TASK PROMPT
All lines in the material containing the word "arguments" need to be copied.

ENTRIES SUPPLIED
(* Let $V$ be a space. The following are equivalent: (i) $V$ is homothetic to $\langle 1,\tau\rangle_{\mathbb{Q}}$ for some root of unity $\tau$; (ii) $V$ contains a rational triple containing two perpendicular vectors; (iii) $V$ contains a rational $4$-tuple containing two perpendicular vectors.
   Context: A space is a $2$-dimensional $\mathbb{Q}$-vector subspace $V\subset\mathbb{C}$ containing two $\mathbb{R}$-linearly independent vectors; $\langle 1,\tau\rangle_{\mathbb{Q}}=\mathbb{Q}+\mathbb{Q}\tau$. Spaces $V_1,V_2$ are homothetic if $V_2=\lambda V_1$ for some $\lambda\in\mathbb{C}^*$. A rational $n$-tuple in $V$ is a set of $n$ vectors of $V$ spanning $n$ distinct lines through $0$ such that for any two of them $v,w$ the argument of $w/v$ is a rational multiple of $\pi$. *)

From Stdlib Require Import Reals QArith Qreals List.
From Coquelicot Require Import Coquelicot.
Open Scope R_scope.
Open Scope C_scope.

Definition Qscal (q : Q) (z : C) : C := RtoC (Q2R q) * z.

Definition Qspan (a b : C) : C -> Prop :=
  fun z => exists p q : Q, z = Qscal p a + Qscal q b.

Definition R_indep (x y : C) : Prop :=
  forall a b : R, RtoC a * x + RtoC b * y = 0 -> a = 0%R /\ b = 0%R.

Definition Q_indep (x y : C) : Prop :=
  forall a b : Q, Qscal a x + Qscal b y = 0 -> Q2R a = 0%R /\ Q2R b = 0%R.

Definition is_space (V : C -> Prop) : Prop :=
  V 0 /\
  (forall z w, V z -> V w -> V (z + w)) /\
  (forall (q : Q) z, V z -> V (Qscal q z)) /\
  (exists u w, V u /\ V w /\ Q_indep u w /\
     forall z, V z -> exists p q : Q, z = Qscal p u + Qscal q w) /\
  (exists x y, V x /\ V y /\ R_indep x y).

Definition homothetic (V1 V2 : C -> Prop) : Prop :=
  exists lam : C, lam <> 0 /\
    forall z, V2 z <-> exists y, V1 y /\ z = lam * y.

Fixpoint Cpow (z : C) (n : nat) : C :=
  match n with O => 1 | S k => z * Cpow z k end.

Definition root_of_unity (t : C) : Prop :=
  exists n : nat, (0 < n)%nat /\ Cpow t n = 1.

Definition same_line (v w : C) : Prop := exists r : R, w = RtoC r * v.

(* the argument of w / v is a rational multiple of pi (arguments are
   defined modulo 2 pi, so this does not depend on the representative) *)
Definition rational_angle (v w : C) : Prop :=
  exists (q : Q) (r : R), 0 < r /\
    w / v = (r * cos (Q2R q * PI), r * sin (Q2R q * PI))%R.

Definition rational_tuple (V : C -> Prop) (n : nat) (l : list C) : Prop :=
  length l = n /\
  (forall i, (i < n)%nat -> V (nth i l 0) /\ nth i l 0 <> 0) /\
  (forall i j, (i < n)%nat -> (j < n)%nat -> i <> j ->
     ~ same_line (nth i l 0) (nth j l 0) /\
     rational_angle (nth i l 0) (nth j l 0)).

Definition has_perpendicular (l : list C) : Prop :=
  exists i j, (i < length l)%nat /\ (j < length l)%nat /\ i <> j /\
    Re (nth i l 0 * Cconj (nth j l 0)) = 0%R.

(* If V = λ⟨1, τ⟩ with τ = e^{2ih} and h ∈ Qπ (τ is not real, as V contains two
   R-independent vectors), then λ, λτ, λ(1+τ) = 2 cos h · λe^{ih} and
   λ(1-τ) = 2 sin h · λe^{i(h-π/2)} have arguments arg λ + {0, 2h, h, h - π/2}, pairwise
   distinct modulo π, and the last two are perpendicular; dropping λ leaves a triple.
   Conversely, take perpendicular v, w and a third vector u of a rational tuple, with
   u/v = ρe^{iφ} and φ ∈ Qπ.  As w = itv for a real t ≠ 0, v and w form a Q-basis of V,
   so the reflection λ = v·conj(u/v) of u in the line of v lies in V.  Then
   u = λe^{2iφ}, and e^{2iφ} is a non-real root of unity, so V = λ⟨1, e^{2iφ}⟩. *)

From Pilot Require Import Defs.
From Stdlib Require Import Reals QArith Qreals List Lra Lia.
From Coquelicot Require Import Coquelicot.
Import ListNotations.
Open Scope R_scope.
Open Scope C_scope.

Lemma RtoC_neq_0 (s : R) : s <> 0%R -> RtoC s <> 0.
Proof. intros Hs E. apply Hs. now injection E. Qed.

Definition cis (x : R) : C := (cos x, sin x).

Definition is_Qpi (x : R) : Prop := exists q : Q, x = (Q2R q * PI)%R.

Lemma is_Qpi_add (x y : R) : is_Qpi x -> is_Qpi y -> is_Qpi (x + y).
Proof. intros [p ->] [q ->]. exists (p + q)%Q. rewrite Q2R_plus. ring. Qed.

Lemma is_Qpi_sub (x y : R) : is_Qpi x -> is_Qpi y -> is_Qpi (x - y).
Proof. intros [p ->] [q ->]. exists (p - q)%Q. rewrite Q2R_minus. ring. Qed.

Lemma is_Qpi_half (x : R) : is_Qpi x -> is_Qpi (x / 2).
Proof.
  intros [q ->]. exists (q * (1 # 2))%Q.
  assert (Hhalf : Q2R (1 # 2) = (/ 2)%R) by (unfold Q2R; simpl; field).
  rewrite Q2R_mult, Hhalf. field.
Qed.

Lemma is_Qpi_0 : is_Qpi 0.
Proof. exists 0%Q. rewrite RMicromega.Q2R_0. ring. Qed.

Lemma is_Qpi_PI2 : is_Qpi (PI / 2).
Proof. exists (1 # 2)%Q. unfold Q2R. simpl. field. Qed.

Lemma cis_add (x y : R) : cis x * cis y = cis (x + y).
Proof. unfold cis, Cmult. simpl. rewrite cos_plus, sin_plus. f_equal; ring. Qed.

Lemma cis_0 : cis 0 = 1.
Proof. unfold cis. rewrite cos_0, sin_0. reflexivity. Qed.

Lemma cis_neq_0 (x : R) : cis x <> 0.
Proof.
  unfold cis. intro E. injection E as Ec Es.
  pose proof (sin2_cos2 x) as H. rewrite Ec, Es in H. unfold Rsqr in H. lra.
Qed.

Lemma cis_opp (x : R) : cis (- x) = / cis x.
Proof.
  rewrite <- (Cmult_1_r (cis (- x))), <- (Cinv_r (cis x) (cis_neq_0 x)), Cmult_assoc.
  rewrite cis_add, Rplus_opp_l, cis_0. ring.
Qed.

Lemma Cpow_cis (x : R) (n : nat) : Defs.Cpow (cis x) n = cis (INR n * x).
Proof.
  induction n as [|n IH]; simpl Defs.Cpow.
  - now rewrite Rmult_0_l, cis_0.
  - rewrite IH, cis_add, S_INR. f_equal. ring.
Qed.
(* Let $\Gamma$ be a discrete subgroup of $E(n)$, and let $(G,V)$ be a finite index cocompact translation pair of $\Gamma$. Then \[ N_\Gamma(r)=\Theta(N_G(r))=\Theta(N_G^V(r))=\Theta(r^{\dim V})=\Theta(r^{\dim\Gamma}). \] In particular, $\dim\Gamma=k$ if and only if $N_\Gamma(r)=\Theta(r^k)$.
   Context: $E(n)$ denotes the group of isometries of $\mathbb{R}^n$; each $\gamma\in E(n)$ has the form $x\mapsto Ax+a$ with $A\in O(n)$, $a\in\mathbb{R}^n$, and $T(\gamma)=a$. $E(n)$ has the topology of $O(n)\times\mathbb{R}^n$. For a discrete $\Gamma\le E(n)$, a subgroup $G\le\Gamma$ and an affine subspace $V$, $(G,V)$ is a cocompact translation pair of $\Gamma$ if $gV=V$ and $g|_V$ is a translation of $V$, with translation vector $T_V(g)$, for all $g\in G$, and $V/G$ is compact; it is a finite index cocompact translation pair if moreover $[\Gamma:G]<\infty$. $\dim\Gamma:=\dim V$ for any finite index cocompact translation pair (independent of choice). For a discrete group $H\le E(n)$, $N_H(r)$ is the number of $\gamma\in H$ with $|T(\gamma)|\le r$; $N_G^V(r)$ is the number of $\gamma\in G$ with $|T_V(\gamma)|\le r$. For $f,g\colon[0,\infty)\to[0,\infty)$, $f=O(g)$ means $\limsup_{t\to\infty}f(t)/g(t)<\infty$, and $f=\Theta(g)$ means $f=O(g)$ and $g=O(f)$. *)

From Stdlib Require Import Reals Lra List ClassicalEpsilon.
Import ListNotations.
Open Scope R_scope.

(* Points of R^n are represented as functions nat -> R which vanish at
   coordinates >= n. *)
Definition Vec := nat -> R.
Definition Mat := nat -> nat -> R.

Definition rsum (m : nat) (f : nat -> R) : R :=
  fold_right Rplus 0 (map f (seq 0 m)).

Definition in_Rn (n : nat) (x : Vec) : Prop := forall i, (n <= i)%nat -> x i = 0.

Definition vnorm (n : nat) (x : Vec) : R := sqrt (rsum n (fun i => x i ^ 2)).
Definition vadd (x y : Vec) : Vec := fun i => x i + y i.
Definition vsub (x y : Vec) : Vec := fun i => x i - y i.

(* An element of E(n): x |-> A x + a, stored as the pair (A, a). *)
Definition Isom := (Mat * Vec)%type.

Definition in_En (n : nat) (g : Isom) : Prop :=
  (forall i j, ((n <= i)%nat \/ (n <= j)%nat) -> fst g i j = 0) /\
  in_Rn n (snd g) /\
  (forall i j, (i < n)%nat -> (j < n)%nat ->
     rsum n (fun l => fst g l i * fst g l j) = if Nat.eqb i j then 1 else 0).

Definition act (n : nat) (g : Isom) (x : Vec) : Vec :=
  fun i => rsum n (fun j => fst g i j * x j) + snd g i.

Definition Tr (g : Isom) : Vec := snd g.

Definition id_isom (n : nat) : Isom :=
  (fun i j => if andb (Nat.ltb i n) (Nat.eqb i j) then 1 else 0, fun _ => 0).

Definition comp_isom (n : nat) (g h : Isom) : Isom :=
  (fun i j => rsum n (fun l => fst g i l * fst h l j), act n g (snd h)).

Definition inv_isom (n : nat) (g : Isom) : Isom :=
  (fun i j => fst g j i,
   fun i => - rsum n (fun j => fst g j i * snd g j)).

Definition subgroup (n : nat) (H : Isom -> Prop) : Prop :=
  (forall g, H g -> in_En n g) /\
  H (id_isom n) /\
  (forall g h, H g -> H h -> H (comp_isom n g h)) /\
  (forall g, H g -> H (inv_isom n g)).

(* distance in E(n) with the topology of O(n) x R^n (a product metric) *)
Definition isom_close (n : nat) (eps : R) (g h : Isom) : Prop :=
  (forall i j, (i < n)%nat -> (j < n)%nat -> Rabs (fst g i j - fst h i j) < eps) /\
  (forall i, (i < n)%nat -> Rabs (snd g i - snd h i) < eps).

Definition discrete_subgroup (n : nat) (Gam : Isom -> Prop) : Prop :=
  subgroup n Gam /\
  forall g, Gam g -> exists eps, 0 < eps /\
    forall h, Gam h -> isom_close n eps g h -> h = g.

TASK SOLUTION
(* the argument of w / v is a rational multiple of pi (arguments are
   λ(1-τ) = 2 sin h · λe^{i(h-π/2)} have arguments arg λ + {0, 2h, h, h - π/2}, pairwise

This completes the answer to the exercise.